Search code examples
tensorflowpytorchclassificationmultilabel-classification

Loss function for Multi-Label Classification of multiple labels and sparse outcomes


Consider the Multi-Label Classification with ANN where the targeted labels were of the form

[0,0,0,0,0,1,0,1,0,0,0,1]
[0,0,0,1,0,0,0,0,0,0,0,0]
...

There were N labels each of True(1) or False(0) represented in a N length vector.

I encountered the issue with the loss function when training this network. Because, since the length of the vector N large compare to the number of the True values(the Multi-Labels are "sparse"), the ANN network can just constantly output vectors of 0s [0,0,0,0,0,0,0,0,0,0,0,0] and still achieve over 90% accuracy, since most of the labels are correctly predicted as 0.

I tried Binary Cross-Entropy (BCE) and Categorical Cross-Entropy (CCE) in pytorch and tensorflow, but did not get any improvements.

I thought about to write something myself to increase the weight over the True(1) values, but I suspect that would just flip the results and make everything to be [1,1,1,1,1,1,1,1,1,1,1,1]?

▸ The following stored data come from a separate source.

Lemma descentsB a b : (a <= b)%N ->
  Posz (descents a b) - Posz (ascents a b) = Posz (g a) - Posz (g b).
Proof.
move=> ab; rewrite -!natz !natr_sum -sumrB -opprB.
rewrite -(telescope_sumr (fun k => (g k)%:R)) // -sumrN.
by apply: eq_bigr => k _; rewrite /descent /ascent; case: (g k) (g k.+1) => [] [].
Qed.

Lemma sub_le_descents a b : (a <= b)%N -> Posz (g a) - Posz (g b) <= Posz (descents a b).
Proof. by move/descentsB <-; rewrite lerBlDr lerDl. Qed.

Definition height := (\sum_(0 <= i < m) g i)%N.

Definition defect i : int := Posz (i < height) - Posz (g i).

Lemma defect_step a b : (a <= b)%N -> defect b - defect a <= Posz (descents a b).
Proof.
move=> ab; rewrite /defect; have := sub_le_descents ab.
case: (ltnP b height) => [bh|_]; first by rewrite (leq_ltn_trans ab bh); lia.
case: (a < height)%N; lia.
Qed.

Hypothesis g0 : g 0.
Hypothesis g_out : forall i, (m <= i)%N -> g i = false.

Lemma height_le i : (forall j, (i <= j)%N -> g j = false) -> (height <= i)%N.
Proof.
move=> gi; have sum_le a b : (\sum_(a <= k < b) g k <= b - a)%N.
  by rewrite -[leqRHS]muln1 -sum_nat_const_nat; apply: leq_sum => k _; apply: leq_b1.
rewrite /height; case: (leqP m i) => [mi|im].
  by apply: leq_trans (sum_le _ _) _; rewrite subn0.
rewrite (big_cat_nat (leq0n i) (ltnW im)) /=.
have -> : (\sum_(i <= k < m) g k = 0)%N.
  by rewrite big_nat_cond big1 // => k /andP[/andP[ik _] _]; rewrite gi.
by rewrite addn0; apply: leq_trans (sum_le _ _) _; rewrite subn0.
Qed.

Lemma height_gt i : (forall j, (j <= i)%N -> g j) -> (i < height)%N.
Proof.
move=> gi; have im : (i < m)%N by rewrite ltnNge; apply/negP => /g_out; rewrite gi.
rewrite /height (big_cat_nat (leq0n i.+1) im) /=; apply: leq_trans (leq_addr _ _).
rewrite (eq_big_nat _ _ (F2 := fun => 1%N)) ?sum_nat_const_nat ?subn0 ?muln1 //.
by move=> k /andP[_ ki]; rewrite gi.
Qed.

Lemma descents_gt0 : (0 < descents 0 m)%N.
Proof. by have := sub_le_descents (leq0n m); rewrite g0 g_out. Qed.

Lemma descents_tail_gt0 s : (s < height)%N -> (0 < descents s m)%N.
Proof.
apply: contraTT; rewrite -!leqNgt leqn0 => /eqP D0.
apply: height_le => j sj; case: (leqP m j) => [/g_out //|jm].
have Dj : descents j m = 0%N.
  by move: D0; rewrite (@descents_cat s j m) ?sj ?(ltnW jm) //; lia.
by have := sub_le_descents (ltnW jm); rewrite (g_out (leqnn m)) Dj; case: (g j).
Qed.

Lemma descents_head_gt0 s : (height <= s)%N -> (0 < descents 0 s)%N.
Proof.
apply: contraTT; rewrite -leqNgt leqn0 -ltnNge => /eqP D0.
apply: height_gt => j js.
have Dj : descents 0 j = 0%N.
  by move: D0; rewrite (@descents_cat 0 j s) ?js //; lia.
by have := sub_le_descents (leq0n j); rewrite g0 Dj; case: (g j).
Qed.

Lemma defect_le_head s : defect s <= Posz (descents 0 s).
Proof. by have := sub_le_descents (leq0n s); rewrite /defect g0; lia. Qed.

Lemma defect_le_tail s : defect s <= Posz (descents s m).
Proof. by rewrite /defect; case: ltnP => [/descents_tail_gt0|_]; lia. Qed.

Lemma oppr_defect_le_head s : - defect s <= Posz (descents 0 s).
Proof. by rewrite /defect; case: ltnP => [_|/descents_head_gt0]; lia. Qed.

Lemma oppr_defect_le_tail s : (s <= m)%N -> - defect s <= Posz (descents s m).
Proof. by move/sub_le_descents; rewrite /defect (g_out (leqnn m)); lia. Qed.

Lemma defect_eq0 s : (s <= m)%N -> (descents 0 m <= 1)%N -> defect s = 0.
Proof.
move=> sm; rewrite (@descents_cat 0 s m) ?sm //.
have := defect_le_head s; have := defect_le_tail s.
have := oppr_defect_le_head s; have := oppr_defect_le_tail sm; lia.
Qed.

Definition column_boundary :=
  (\sum_(0 <= i < m) ((g i && ~~ ((0 < i) && g i.-1)) + descent i))%N.

Lemma column_boundaryE : column_boundary = (2 * descents 0 m)%N.
Proof.
have m_gt0 : (0 < m)%N by rewrite lt0n; apply: contraTneq g0 => m0; rewrite g_out ?m0.
have tops : (\sum_(0 <= i < m) (g i && ~~ ((0 < i) && g i.-1)) = 1 + ascents 0 m)%N.
  have gm : g m.-1.+1 = false by rewrite prednK // g_out.
  rewrite /ascents -(prednK m_gt0) big_nat_recl // big_nat_recr //= g0.
  rewrite /ascent gm andbF addn0; congr (_ + _)%N.
  by apply: eq_bigr => i _; rewrite andbC.
have := descentsB (leq0n m); rewrite g0 (g_out (leqnn m)).
rewrite /column_boundary big_split /= tops -/(descents 0 m); lia.
Qed.

Lemma two_add_le_column_boundary (e : int) :
  e <= Posz (descents 0 m) -> ((descents 0 m <= 1)%N -> e = 0) ->
  2 + e <= Posz column_boundary.
Proof. by rewrite column_boundaryE; have := descents_gt0; lia. Qed.

Variables (t : nat) (s : nat -> nat).
Hypothesis s_mono : forall i j, (i <= j <= 2 * t)%N -> (s i <= s j)%N.
Hypothesis s_le : forall k, (s k <= m)%N.

Lemma descents_split :
  descents 0 m = (descents 0 (s 0) + descents (s 0) (s (2 * t)) + descents (s (2 * t)) m)%N.
Proof. by rewrite -!descents_cat ?s_le ?s_mono ?leq0n //= s_mono. Qed.

Lemma alt_defect_le_column_boundary :
  2 + \sum_(k < 2 * t) (-1) ^+ k * defect (s k) + 2 * defect (s (2 * t))
    <= Posz column_boundary.
Proof.
rewrite -addrA; apply: two_add_le_column_boundary => [|D1].
  have := alt_sum_shift_le defect_step s_mono.
  rewrite (alt_sum_shift (fun k => defect (s k))) -signr_odd oddM /= expr0 mul1r.
  rewrite -/(descents _ _) descents_split.
  have := defect_le_head (s 0); have := defect_le_tail (s (2 * t)).
  set S := \sum_(k < _) _; lia.
rewrite (defect_eq0 (s_le _) D1) mulr0 addr0.
by apply: big1 => k _; rewrite defect_eq0 ?mulr0.
Qed.
Lemma meet_joinsr (x : T) (I : Type) (r : seq I) (P : pred I) (G : I -> T) :
  x `&` \join_(i <- r | P i) G i = \join_(i <- r | P i) (x `&` G i).
Proof. exact: (big_morph _ (meetUr x) (meetx0 x)). Qed.

Lemma join_meetsr (x : T) (I : Type) (r : seq I) (P : pred I) (G : I -> T) :
  x `|` \meet_(i <- r | P i) G i = \meet_(i <- r | P i) (x `|` G i).
Proof. exact: (big_morph _ (joinIr x) (joinx1 x)). Qed.

End BigDistributivity.

Section PrimeFilters.
Context {disp : Order.disp_t} {L : tbDistrLatticeType disp}.
Implicit Types (x y z : L) (p q F J : L -> Prop).

Definition is_filter F :=
  [/\ F \top, (forall x y, F x -> x <= y -> F y) & (forall x y, F x -> F y -> F (x `&` y))].

Definition is_ideal J :=
  [/\ J \bot, (forall x y, J y -> x <= y -> J x) & (forall x y, J x -> J y -> J (x `|` y))].

Lemma prime_filter_up p x y : prime_filter p -> p x -> x <= y -> p y.
Proof. by case=> _ _ + _ _; apply. Qed.

Lemma prime_filterT p : prime_filter p -> p \top.
Proof. by case. Qed.

Lemma prime_filter0 p : prime_filter p -> ~ p \bot.
Proof. by case. Qed.

Lemma prime_filterU p x y : prime_filter p -> p (x `|` y) <-> p x \/ p y.
Proof.
move=> pp; split; first by case: pp => _ _ _ _; apply.
by case=> px; apply: prime_filter_up px _; rewrite ?leUl ?leUr.
Qed.

Lemma prime_filterI p x y : prime_filter p -> p (x `&` y) <-> p x /\ p y.
Proof.
move=> pp; split; last by case: pp => _ _ _ + _ [] => /[apply]/[apply].
by move=> pxy; split; apply: prime_filter_up pxy _; rewrite ?leIl ?leIr.
Qed.

Section MaximalFilter.
Variables (J : L -> Prop) (F : L -> Prop).
Hypotheses (idealJ : is_ideal J) (filterF : is_filter F) (FJ : forall x, F x -> ~ J x).
Hypothesis maxF : forall G, is_filter G -> (forall x, F x -> G x) ->
  (forall x, G x -> ~ J x) -> forall x, G x -> F x.

Let extend x z := exists2 f, F f & f `&` x <= z.

Let extend_filter x : is_filter (extend x).
Proof.
case: filterF => FT Fup FI; split.
- by exists \top; rewrite ?lex1.
- by move=> y z [f Ff le_fy] le_yz; exists f => //; apply: le_trans le_yz.
- move=> y z [f Ff le_fy] [f' Ff' le_fz]; exists (f `&` f'); first exact: FI.
  by rewrite lexI (le_trans _ le_fy) ?(le_trans _ le_fz) // leI2 ?leIl ?leIr.
Qed.

Let extend_meets_ideal x : ~ F x -> exists2 f, F f & J (f `&` x).
Proof.
move=> Fx; apply: contrapT => noJ; apply/Fx/(maxF (extend_filter x)).
- by move=> y Fy; exists y; rewrite ?leIl.
- move=> y [f Ff le_fy] Jy; apply: noJ; exists f => //.
  by case: idealJ => _ Jdown _; apply: Jdown Jy le_fy.
- by exists \top; [case: filterF | rewrite meet1x].
Qed.

Lemma maximal_filter_prime x y : F (x `|` y) -> F x \/ F y.
Proof.
move=> Fxy; apply: contrapT => /not_orP[Fx Fy].
have [f Ff Jfx] := extend_meets_ideal Fx; have [f' Ff' Jfy] := extend_meets_ideal Fy.
case: filterF idealJ => _ Fup FI [_ Jdown JU].
apply: (FJ (FI _ _ (FI _ _ Ff Ff') Fxy)); apply: Jdown (JU _ _ Jfx Jfy) _.
by rewrite meetUr leU2 // leI2 ?leIl ?leIr.
Qed.

End MaximalFilter.

Lemma prime_filter_separation J a : is_ideal J -> ~ J a ->
  exists p, [/\ prime_filter p, p a & forall x, J x -> ~ p x].
Proof.
move=> idealJ Ja; case: (idealJ) => J0 Jdown JU.
(* [Zorn_bigcup] also bounds the empty chain, so we maximize sets [X] whose union
   with the principal filter of [a] is a filter avoiding [J]. *)
pose up X z := X z \/ a <= z.
pose P X := is_filter (up X) /\ forall z, up X z -> ~ J z.
have P0 : P (fun _ => False).
  split=> [|z [//|le_az] Jz]; last exact/Ja/(Jdown _ _ Jz le_az).
  split=> [|y z [//|le_ay] le_yz|y z [//|le_ay] [//|le_az]]; right.
  - exact: lex1.
  - exact: le_trans le_yz.
  - by rewrite lexI le_ay.
have [A [[filterA AJ] maxA]] : exists A, P A /\ forall B, classical_sets.proper A B -> ~ P B.
  apply: classical_sets.Zorn_bigcup => C CP Ctot; set U := classical_sets.bigcup _ _.
  have directed y z : up U y -> up U z ->
      exists X, [/\ P X, up X y, up X z & forall t, X t -> U t].
    case=> [[X CX Xy]|le_ay] [[Y CY Yz]|le_az].
    - have [XY|YX] := Ctot X Y CX CY.
        by exists Y; split; [exact: CP | left; apply: XY | left | move=> t; exists Y].
      by exists X; split; [exact: CP | left | left; apply: YX | move=> t; exists X].
    - by exists X; split; [exact: CP | left | right | move=> t; exists X].
    - by exists Y; split; [exact: CP | right | left | move=> t; exists Y].
    - by exists (fun _ => False); split; [| right | right |].
  have up_mono X y : (forall t, X t -> U t) -> up X y -> up U y.
    by move=> XC [/XC|]; [left | right].
  split; first split.
  - by right; rewrite lex1.
  - move=> y z [[X CX Xy]|le_ay] le_yz; last by right; apply: le_trans le_yz.
    have [[_ upX _] _] := CP X CX.
    by case: (upX y z (or_introl Xy) le_yz) => [Xz|]; [left; exists X | right].
  - move=> y z Uy Uz; have [X [[[_ _ XI] _] Xy Xz XC]] := directed y z Uy Uz.
    exact/up_mono/XI.
  - by move=> y Uy; have [X [[_ XJ] Xy _ _]] := directed y y Uy Uy; apply: XJ.
have up_A_maximal : forall G, is_filter G -> (forall x, up A x -> G x) ->
    (forall x, G x -> ~ J x) -> forall x, G x -> up A x.
  move=> G [GT Gup GI] AG GJ x Gx; apply: contrapT => Ax; apply: (maxA G).
    by split=> [z Az|]; [apply: AG; left | move=> GA; apply/Ax; left; apply: GA].
  have upG z : up G z -> G z by case=> // /(Gup a); apply; apply: AG; right.
  split=> [|z /upG]; last exact: GJ.
  split=> [|y z /upG Gy le_yz|y z /upG Gy /upG Gz]; left; auto.
  exact: Gup Gy le_yz.
case: (filterA) => AT Aup AI.
exists (up A); split; [split=> // | by right | by move=> x Jx /AJ].
- by move/AJ; apply.
- exact: maximal_filter_prime idealJ filterA AJ up_A_maximal.
Qed.

Lemma height_ge_mono q p n : (forall x, q x -> p x) -> height_ge q n -> height_ge p n.
Proof.
case: n => // n qp [r [pr [[rq [x [qx rx]]] hr]]].
exists r; split=> //; split=> //; split=> [y /rq/qp //|].
by exists x; split=> //; apply: qp.
Qed.

Section CoHeyting.
Variable sub : L -> L -> L.
Hypothesis subP : is_coheyting sub.

Lemma sub_min a b c : a <= b `|` c -> sub a b <= c.
Proof. by case: (subP a b) => _; apply. Qed.

Lemma le_subU a b : a <= b `|` sub a b.
Proof. by case: (subP a b). Qed.

Lemma subxx a : sub a a = \bot.
Proof. by apply/le_anti; rewrite le0x andbT sub_min // joinx0. Qed.

Lemma prime_filter_sub p a b : prime_filter p -> p a -> ~ p b -> p (sub a b).
Proof.
move=> pp pa pb; have /(prime_filterU _ _ pp) := prime_filter_up pp pa (le_subU a b).
by case.
Qed.

Lemma prime_filter_sub_below p a b : prime_filter p -> p (sub a b) ->
  exists q, [/\ prime_filter q, forall x, q x -> p x, q a & ~ q b].
Proof.
move=> pp pab; pose J x := exists2 c, ~ p c & x <= c `|` b.
have idealJ : is_ideal J.
  split=> [|x y [c pc le_yc] le_xy|x y [c pc le_xc] [c' pc' le_yc']].
  - by exists \bot; [exact: prime_filter0 | rewrite le0x].
  - by exists c => //; apply: le_trans le_yc.
  - exists (c `|` c'); first by move/(prime_filterU _ _ pp); case.
    by rewrite leUx (le_trans le_xc) ?(le_trans le_yc') // leU2 ?leUl ?leUr.
have Ja : ~ J a.
  by case=> c pc le_ac; apply/pc/(prime_filter_up pp pab)/sub_min; rewrite joinC.
have [q [pq qa qJ]] := prime_filter_separation idealJ Ja.
exists q; split=> // [x qx|].
  by apply: contrapT => px; apply: (qJ x) => //; exists x; rewrite ?leUl.
by apply: qJ; exists \bot; [exact: prime_filter0 | rewrite join0x].
Qed.

Lemma sub_height_ge d a b :
    (forall q, prime_filter q -> ~ height_ge q d -> q a <-> q b) ->
  forall p, prime_filter p -> p (sub a b) -> height_ge p d.
Proof.
move=> agree p pp pab; apply: contrapT => hp.
have [q [pq qp qa qb]] := prime_filter_sub_below pp pab.
have hq : ~ height_ge q d by move/(height_ge_mono qp).
exact/qb/(agree q pq hq).
Qed.

Section Generated.
Variables (n : nat) (g : 'I_n -> L).
Hypothesis gen_g : generates sub g.

Lemma prime_filter_sub_transfer p p' a b : prime_filter p -> prime_filter p' ->
    (forall q, prime_filter q -> strict_sub q p -> strict_sub q p') ->
    (p a <-> p' a) -> (p b <-> p' b) -> p (sub a b) -> p' (sub a b).
Proof.
move=> pp pp' below pa pb pab; have [q [pq qp qa qb]] := prime_filter_sub_below pp pab.
have [pq_eq|/existsNP[z /not_implyP[pz qz]]] := pselect (forall z, p z -> q z).
  by apply: prime_filter_sub => //; [apply/pa/qp | move/pb/pq_eq].
have [qp' _] := below q pq (conj qp (ex_intro _ z (conj pz qz))).
by apply: qp'; apply: prime_filter_sub.
Qed.

Lemma prime_filter_eq p p' : prime_filter p -> prime_filter p' ->
    (forall i, p (g i) <-> p' (g i)) ->
    (forall q, prime_filter q -> strict_sub q p <-> strict_sub q p') ->
  p = p'.
Proof.
move=> pp pp' pg below.
have below_l q : prime_filter q -> strict_sub q p -> strict_sub q p' by move/below=> [].
have below_r q : prime_filter q -> strict_sub q p' -> strict_sub q p by move/below=> [].
suff eval_eq t : p (ceval sub g t) <-> p' (ceval sub g t).
  by apply: funext => x; apply: propext; have [t <-] := gen_g x.
elim: t => [i|||t1 IH1 t2 IH2|t1 IH1 t2 IH2|t1 IH1 t2 IH2] //=.
- by split=> [/(prime_filter0 pp) | /(prime_filter0 pp')].
- by split=> _; apply: prime_filterT.
- by rewrite (prime_filterU _ _ pp) (prime_filterU _ _ pp') IH1 IH2.
- by rewrite (prime_filterI _ _ pp) (prime_filterI _ _ pp') IH1 IH2.
- by split; apply: prime_filter_sub_transfer => //; apply: iff_sym.
Qed.

Lemma low_height_primes_enum h : exists N (P : 'I_N -> L -> Prop),
  forall p, prime_filter p -> ~ height_ge p h -> exists i, P i = p.
Proof.
elim: h => [|h [N [P enumP]]]; first by exists 0, (fun _ _ => False) => p _ /(_ I).
pose K : finType := ({ffun 'I_n -> bool} * {ffun 'I_N -> bool})%type.
pose key p : K := ([ffun i => `[< p (g i) >]], [ffun i => `[< strict_sub (P i) p >]]).
pose low p := prime_filter p /\ ~ height_ge p h.+1.
have below_low q p : prime_filter q -> strict_sub q p -> low p -> ~ height_ge q h.
  by move=> pq qp [_ hp] hq; apply: hp; exists q.
have [R reprR] := finite_representatives low key (inhabits (fun _ => False)).
exists #|K|, (fun j => R (enum_val j)) => p pp hp.
exists (enum_rank (key p)); rewrite enum_rankK.
have [lowR [key_g key_below]] := reprR p (conj pp hp).
have [pR _] := lowR; have belowR := ffun_asbool_eq_equiv key_below.
apply: (prime_filter_eq pR pp (ffun_asbool_eq_equiv key_g)) => q pq; split=> qp.
- have [i Pq] := enumP q pq (below_low q _ pq qp lowR); rewrite -Pq in qp *.
  exact/belowR.
- have [i Pq] := enumP q pq (below_low q _ pq qp (conj pp hp)); rewrite -Pq in qp *.
  exact/belowR.
Qed.

Lemma generated_precompact : precompact sub.
Proof.
move=> d _; have [N [P enumP]] := low_height_primes_enum d.
pose key a := [ffun i : 'I_N => `[< P i a >]].
have [R reprR] := finite_representatives (fun _ => True) key (inhabits \bot).
exists [seq R k | k <- enum {: {ffun 'I_N -> bool}}] => a.
have key_eq := ffun_asbool_eq_equiv (reprR a I).2.
have agree q : prime_filter q -> ~ height_ge q d -> q (R (key a)) <-> q a.
  by move=> pq hq; have [i <-] := enumP q pq hq; apply: key_eq.
exists (R (key a)); first by rewrite map_f ?mem_enum.
move=> p pp /(prime_filterU _ _ pp)[pab|pba].
- by apply: (sub_height_ge _ pp pab) => q pq hq; apply: iff_sym; apply: agree.
- exact: (sub_height_ge agree pp pba).
Qed.

End Generated.
End CoHeyting.
End PrimeFilters.

Section FiniteSublattice.
Context {disp : Order.disp_t} {L : tbDistrLatticeType disp} (s : seq L).

(* Every element of the sublattice generated by [s] is a join of meets of elements of [s]. *)
Definition join_of_meets (F : {set {set 'I_(size s)}}) : L :=
  \join_(S in F) \meet_(i in S) nth \bot s i.

Definition in_sublattice : {pred L} := fun x => [exists F, join_of_meets F == x].

Lemma in_sublatticeI : meet_closed in_sublattice.
Proof.
move=> _ _ /existsP[F /eqP <-] /existsP[G /eqP <-]; apply/existsP.
exists [set S :|: T | S in F, T in G]; apply/eqP/le_anti/andP; split.
  apply/joinsP => _ /imset2P[S T SF TG ->]; rewrite meets_setU lexI.
  by rewrite leIxl ?leIxr ?(joins_sup _ SF) ?(joins_sup _ TG).
rewrite meetC meet_joinsr; apply/joinsP => S SF.
rewrite meetC meet_joinsr; apply/joinsP => T TG.
by apply: (joins_min (imset2_f _ SF TG)); rewrite meets_setU.
Qed.

Lemma in_sublatticeU : join_closed in_sublattice.
Proof.
move=> _ _ /existsP[F /eqP <-] /existsP[G /eqP <-]; apply/existsP.
by exists (F :|: G); rewrite /join_of_meets joins_setU.
Qed.

Lemma in_sublattice0 : \bot \in in_sublattice.
Proof. by apply/existsP; exists set0; rewrite /join_of_meets big_set0. Qed.

Lemma in_sublattice1 : \top \in in_sublattice.
Proof. by apply/existsP; exists [set set0]; rewrite /join_of_meets big_set1 big_set0. Qed.

Lemma mem_sublattice x : x \in s -> in_sublattice x.
Proof.
move=> xs; have xi : (index x s < size s)%N by rewrite index_mem.
apply/existsP; exists [set [set Ordinal xi]].
by rewrite /join_of_meets !big_set1 /= nth_index.
Qed.
(* There is a constant $C$ such that for every sufficiently large $n$ there exists a $2$-planar graph of girth $5$ on $n$ vertices with at least $\left(2+\frac{2}{7}\right)n-C$ edges.
   Context: All graphs are finite and simple. A graph is $k$-planar if it admits a drawing in the plane in which every edge is crossed at most $k$ times. The girth of a graph is the length of its shortest cycle. (The paper states the edge count as $(2+\frac27)n-O(1)$.) *)

From Stdlib Require Import Reals.
From mathcomp Require Import all_boot.

Set Implicit Arguments.
Unset Strict Implicit.
Unset Printing Implicit Defensive.

Definition plane := (R * R)%type.

Definition simple_graph n (e : rel 'I_n) : Prop := symmetric e /\ irreflexive e.

Definition edges n (e : rel 'I_n) : {set 'I_n * 'I_n} :=
  [set p : 'I_n * 'I_n | (p.1 < p.2)%N && e p.1 p.2].

Definition has_cycle_of_length n (e : rel 'I_n) (k : nat) : Prop :=
  (3 <= k)%N /\
  exists f : nat -> 'I_n,
    (forall i j, (i < k)%N -> (j < k)%N -> f i = f j -> i = j) /\
    (forall i, (i < k)%N -> e (f i) (f ((i.+1) %% k))).

Definition girth_is n (e : rel 'I_n) (g : nat) : Prop :=
  has_cycle_of_length e g /\ forall l, (l < g)%N -> ~ has_cycle_of_length e l.

(* A Jordan arc from a to b: a continuous map R -> plane, injective on [0,1],
   with g 0 = a and g 1 = b (only its restriction to [0,1] matters). *)
Definition is_arc (g : R -> plane) (a b : plane) : Prop :=
  continuity (fun t => fst (g t)) /\ continuity (fun t => snd (g t)) /\
  (forall s t : R, Rle 0 s /\ Rle s 1 -> Rle 0 t /\ Rle t 1 -> g s = g t -> s = t) /\
  g R0 = a /\ g R1 = b.

Definition crossing n (e : rel 'I_n) (gam : 'I_n * 'I_n -> R -> plane)
    (p q : 'I_n * 'I_n) (z : plane) : Prop :=
  q \in edges e /\ q <> p /\
  exists s t : R, Rlt 0 s /\ Rlt s 1 /\ Rlt 0 t /\ Rlt t 1 /\ gam p s = z /\ gam q t = z.

Definition k_planar (k : nat) n (e : rel 'I_n) : Prop :=
  exists (pos : 'I_n -> plane) (gam : 'I_n * 'I_n -> R -> plane),
    injective pos /\
    (forall p, p \in edges e ->
       is_arc (gam p) (pos p.1) (pos p.2) /\
       (forall (t : R) w, Rlt 0 t /\ Rlt t 1 -> gam p t <> pos w)) /\
    (forall p, p \in edges e ->
       exists L : seq (('I_n * 'I_n) * plane),
         (size L <= k)%N /\
         (forall q z, crossing e gam p q z -> List.In (q, z) L)).

From Stdlib Require Import Reals ZArith Lia Lra.
From mathcomp Require Import all_boot zify ssrZ.

(* Vertex u is placed at the lattice point (u / 13, u mod 13) of the strip
   Z x [0, 13), and edges are straight segments following a pattern that is
   periodic under the translation (7, 0); each period of 91 vertices carries
   208 = (2 + 2/7) * 91 edges.  Absence of 3- and 4-cycles and the bound of two
   crossings per edge are local and translation invariant, so both reduce to
   a finite computation over one period, in which crossings of lattice
   segments are detected by exact integer arithmetic.  A 5-cycle is exhibited
   explicitly. *)

Set Implicit Arguments.
Unset Strict Implicit.
Unset Printing Implicit Defensive.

What's the appropriate loss function for Multi-Label Classification of multiple labels and sparse outcomes? (Example in pytorch and tensorflow)

A related post could be found almost 10 years ago: Multilabel image classification with sparse labels in TensorFlow?


Solution

  • thought about to write something myself to increase the weight over the True(1) values, but I suspect that would just flip the results and make everything to be [1,1,1,1,1,1,1,1,1,1,1,1]?

    No, it wouldn't. Largest contributor of the loss are 0 values if the vector is really sparse. Neural network will be biased to output 0 as it is way more common

    What's the appropriate loss function for Multi-Label Classification of multiple labels and sparse outcomes?

    For pytorch BCEWithLogitsLoss (in case your network outputs logits [output of the last layer without sigmoid applied], otherwise BCELoss)

    An example implementation could be:

    import typing
    import torch
    
    
    class WeightBCEWithLogitsLoss(torch.nn.Module):
        def __init__(
            self,
            weight: float,
            reduction: typing.Callable[[torch.Tensor], torch.Tensor] | None = None,
        ):
            super().__init__()
            self.weight = weight
            if reduction is None:
                reduction = torch.mean
            self.reduction = reduction
    
        def forward(self, input: torch.Tensor, target: torch.Tensor) -> torch.Tensor:
            loss_matrix = torch.nn.functional.binary_cross_entropy_with_logits(
                input,
                target,
                reduction="none",
            )
            loss_matrix[target] *= self.weight
            return self.reduction(loss_matrix)
    

    and usage:

    # 7x more focus on the `training` positive samples
    criterion = WeightBCEWithLogitsLoss(weight=7.)